→ **Work to complete**
Word for word, transcribe the data below from the line with "apply: mindist_some; first" to the line with "apply: mindist_none =>", keeping both of those lines.

→ **Data in this exercise**

--------------------

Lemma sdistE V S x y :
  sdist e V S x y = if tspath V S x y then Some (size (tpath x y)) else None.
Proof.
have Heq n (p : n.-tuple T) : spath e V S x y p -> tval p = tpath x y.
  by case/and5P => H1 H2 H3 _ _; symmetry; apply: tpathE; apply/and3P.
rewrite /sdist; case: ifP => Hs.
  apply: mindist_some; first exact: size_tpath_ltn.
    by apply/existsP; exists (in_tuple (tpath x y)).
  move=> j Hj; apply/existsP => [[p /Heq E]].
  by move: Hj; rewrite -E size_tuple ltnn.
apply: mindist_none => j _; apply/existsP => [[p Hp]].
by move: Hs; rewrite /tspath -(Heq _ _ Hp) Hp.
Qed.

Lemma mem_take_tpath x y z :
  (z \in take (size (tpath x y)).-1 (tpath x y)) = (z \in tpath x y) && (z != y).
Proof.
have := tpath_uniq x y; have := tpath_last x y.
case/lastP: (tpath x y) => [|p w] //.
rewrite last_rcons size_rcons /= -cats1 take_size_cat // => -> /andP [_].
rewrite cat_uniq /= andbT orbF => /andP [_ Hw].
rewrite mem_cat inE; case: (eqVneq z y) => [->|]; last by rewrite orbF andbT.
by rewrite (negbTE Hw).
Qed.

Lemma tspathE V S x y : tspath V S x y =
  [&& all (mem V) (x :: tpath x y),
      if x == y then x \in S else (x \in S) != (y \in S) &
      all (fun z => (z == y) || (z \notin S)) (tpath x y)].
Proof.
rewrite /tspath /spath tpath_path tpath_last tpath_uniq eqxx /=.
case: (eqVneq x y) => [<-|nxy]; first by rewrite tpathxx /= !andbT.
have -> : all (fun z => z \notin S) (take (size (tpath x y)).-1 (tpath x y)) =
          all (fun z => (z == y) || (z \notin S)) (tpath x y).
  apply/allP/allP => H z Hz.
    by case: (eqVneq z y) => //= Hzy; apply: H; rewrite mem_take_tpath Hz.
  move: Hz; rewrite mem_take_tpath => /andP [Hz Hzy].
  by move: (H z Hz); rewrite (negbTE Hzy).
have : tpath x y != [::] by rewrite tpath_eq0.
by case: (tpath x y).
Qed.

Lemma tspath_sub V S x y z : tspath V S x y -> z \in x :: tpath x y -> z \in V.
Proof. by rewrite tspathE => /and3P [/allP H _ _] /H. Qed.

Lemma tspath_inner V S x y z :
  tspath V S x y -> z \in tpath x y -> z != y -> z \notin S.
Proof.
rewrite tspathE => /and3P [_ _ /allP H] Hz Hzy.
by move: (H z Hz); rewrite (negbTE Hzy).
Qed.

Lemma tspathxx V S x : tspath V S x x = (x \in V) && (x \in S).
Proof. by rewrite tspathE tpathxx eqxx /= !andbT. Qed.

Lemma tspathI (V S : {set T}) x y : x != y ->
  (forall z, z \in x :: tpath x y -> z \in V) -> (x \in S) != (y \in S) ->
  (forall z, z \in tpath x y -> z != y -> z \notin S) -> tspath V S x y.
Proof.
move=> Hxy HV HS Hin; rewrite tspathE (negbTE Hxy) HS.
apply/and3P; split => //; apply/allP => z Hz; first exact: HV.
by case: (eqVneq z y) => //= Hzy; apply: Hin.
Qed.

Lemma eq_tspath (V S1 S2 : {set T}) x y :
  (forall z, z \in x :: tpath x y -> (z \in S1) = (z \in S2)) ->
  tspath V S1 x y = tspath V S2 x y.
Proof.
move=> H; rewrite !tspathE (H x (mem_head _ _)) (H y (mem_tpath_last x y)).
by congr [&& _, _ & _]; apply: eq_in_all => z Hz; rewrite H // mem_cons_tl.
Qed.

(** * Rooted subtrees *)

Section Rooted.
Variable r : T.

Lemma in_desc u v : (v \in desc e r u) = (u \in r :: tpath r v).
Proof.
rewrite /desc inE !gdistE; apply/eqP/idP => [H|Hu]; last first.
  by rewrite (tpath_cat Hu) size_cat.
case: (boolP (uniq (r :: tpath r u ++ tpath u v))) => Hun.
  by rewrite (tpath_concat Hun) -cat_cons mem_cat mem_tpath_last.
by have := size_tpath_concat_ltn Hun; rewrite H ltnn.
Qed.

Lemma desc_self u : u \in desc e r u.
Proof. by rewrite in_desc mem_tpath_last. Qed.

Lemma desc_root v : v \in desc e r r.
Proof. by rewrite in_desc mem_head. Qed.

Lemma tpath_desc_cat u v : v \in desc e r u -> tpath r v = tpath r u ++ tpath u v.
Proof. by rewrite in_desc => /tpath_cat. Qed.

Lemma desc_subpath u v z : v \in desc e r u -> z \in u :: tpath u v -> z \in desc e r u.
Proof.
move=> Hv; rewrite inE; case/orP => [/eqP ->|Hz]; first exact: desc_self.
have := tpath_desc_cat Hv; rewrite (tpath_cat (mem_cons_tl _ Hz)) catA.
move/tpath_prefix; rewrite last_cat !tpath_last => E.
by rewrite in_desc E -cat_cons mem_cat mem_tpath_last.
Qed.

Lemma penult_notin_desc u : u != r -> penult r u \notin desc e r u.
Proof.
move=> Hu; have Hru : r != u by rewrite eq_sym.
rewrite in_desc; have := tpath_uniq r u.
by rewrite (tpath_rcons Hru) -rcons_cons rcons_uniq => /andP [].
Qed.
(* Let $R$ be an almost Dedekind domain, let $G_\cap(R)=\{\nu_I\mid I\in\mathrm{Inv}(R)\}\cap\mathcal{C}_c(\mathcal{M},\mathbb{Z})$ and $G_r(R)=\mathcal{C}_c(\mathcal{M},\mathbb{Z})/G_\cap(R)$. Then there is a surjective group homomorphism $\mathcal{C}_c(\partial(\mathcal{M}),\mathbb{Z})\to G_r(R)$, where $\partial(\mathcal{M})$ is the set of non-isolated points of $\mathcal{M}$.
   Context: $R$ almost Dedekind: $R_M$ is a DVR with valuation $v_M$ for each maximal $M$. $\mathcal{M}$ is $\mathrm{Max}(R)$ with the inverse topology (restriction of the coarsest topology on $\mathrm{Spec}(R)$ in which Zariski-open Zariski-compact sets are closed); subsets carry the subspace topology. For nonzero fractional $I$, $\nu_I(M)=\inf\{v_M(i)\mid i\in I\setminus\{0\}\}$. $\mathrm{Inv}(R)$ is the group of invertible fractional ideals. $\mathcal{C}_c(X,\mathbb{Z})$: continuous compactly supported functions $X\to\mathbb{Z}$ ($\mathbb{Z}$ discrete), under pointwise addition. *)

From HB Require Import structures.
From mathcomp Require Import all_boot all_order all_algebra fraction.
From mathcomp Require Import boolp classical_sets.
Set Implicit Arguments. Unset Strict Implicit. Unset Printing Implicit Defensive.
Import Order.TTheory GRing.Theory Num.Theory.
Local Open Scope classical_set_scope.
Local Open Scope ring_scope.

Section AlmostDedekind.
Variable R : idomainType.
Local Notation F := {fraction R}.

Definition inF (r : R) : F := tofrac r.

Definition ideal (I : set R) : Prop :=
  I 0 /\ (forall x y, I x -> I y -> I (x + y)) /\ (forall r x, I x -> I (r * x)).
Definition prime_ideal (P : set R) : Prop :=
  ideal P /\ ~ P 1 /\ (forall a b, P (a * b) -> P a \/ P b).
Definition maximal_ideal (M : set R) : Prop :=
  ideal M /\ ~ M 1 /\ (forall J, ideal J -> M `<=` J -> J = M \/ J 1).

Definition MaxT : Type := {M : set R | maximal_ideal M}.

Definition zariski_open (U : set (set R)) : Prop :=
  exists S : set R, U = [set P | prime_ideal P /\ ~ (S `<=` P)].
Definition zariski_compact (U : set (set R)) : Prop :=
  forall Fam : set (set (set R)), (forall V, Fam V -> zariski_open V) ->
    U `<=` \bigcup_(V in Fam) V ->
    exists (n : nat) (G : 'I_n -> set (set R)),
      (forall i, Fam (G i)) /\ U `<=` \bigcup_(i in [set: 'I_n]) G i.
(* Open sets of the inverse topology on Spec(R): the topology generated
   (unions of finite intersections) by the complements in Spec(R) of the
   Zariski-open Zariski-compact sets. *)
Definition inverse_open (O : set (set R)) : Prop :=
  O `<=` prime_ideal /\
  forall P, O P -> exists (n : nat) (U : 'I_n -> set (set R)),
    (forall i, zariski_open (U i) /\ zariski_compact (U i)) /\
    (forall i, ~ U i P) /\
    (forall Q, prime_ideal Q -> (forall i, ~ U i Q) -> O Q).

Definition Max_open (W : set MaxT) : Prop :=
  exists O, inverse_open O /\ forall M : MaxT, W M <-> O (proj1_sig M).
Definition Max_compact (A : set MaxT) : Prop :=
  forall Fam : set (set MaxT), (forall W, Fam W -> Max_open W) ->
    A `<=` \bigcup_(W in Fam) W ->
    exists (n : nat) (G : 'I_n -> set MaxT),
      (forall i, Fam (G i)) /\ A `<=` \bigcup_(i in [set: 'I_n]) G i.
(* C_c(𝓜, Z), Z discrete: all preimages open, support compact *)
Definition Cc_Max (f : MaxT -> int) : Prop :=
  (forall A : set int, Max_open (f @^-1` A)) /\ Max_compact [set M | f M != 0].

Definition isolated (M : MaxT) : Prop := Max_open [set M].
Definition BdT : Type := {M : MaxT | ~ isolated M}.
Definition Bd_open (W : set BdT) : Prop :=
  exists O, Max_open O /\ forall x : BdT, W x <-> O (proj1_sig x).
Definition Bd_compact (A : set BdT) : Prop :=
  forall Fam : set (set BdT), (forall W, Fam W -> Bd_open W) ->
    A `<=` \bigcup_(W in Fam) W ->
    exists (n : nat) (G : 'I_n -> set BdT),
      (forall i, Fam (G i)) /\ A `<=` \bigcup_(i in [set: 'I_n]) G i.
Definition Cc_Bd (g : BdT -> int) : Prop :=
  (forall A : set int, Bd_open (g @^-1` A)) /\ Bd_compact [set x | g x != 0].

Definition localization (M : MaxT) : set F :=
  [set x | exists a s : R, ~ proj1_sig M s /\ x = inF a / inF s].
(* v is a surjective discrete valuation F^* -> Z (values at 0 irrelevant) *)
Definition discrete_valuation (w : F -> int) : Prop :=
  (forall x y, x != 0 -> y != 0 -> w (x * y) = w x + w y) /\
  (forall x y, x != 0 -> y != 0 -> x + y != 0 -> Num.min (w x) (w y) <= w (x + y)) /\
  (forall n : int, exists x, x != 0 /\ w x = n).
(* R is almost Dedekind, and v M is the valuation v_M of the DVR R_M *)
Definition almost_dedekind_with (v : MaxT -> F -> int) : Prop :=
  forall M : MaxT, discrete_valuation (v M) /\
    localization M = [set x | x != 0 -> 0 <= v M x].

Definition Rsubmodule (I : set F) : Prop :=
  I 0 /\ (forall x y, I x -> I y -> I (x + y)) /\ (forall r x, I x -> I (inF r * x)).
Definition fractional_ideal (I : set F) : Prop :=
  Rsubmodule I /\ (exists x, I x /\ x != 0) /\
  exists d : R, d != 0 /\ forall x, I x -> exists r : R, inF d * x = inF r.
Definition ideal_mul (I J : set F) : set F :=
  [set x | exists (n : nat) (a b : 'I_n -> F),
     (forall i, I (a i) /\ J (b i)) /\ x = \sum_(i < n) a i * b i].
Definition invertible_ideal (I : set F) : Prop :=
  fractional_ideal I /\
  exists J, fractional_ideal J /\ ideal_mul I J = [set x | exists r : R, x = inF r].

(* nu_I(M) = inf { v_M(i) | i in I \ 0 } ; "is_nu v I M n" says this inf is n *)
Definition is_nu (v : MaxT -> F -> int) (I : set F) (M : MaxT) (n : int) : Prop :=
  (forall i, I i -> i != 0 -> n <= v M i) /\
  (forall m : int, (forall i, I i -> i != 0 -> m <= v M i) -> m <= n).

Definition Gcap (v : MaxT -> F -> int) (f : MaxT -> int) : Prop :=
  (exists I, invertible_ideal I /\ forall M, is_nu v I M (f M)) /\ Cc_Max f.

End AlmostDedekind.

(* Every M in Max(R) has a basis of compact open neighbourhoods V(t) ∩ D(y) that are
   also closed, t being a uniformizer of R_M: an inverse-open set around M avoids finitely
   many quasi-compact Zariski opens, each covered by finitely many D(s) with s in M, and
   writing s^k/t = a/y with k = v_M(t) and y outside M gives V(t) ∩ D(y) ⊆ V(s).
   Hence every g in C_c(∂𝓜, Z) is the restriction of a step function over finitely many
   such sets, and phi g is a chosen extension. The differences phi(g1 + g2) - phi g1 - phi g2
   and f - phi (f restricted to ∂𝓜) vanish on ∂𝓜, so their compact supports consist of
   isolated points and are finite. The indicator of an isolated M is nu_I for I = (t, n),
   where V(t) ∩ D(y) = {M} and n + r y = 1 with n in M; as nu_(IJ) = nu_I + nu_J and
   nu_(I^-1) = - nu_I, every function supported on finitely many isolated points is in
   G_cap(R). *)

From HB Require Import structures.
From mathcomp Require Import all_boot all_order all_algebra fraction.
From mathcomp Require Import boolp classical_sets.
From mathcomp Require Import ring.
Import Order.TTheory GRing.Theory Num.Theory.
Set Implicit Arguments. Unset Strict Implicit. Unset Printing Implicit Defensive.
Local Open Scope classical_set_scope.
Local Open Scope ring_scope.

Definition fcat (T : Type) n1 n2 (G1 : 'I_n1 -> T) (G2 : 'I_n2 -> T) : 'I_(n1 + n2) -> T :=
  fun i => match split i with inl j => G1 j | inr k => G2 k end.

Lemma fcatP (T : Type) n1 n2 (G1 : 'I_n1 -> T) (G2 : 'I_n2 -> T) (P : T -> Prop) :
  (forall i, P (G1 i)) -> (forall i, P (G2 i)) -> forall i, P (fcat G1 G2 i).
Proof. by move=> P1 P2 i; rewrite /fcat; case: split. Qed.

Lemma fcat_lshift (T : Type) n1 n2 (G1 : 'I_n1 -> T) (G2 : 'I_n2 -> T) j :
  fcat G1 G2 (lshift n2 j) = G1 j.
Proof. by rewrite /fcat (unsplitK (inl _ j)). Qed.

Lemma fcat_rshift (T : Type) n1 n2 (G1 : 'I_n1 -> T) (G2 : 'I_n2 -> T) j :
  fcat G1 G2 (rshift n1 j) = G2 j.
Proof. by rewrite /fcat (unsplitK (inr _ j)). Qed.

--------------------

→ **Answer to this problem**
  apply: mindist_some; first exact: size_tpath_ltn.
    by apply/existsP; exists (in_tuple (tpath x y)).
  move=> j Hj; apply/existsP => [[p /Heq E]].
  by move: Hj; rewrite -E size_tuple ltnn.
apply: mindist_none => j _; apply/existsP => [[p Hp]].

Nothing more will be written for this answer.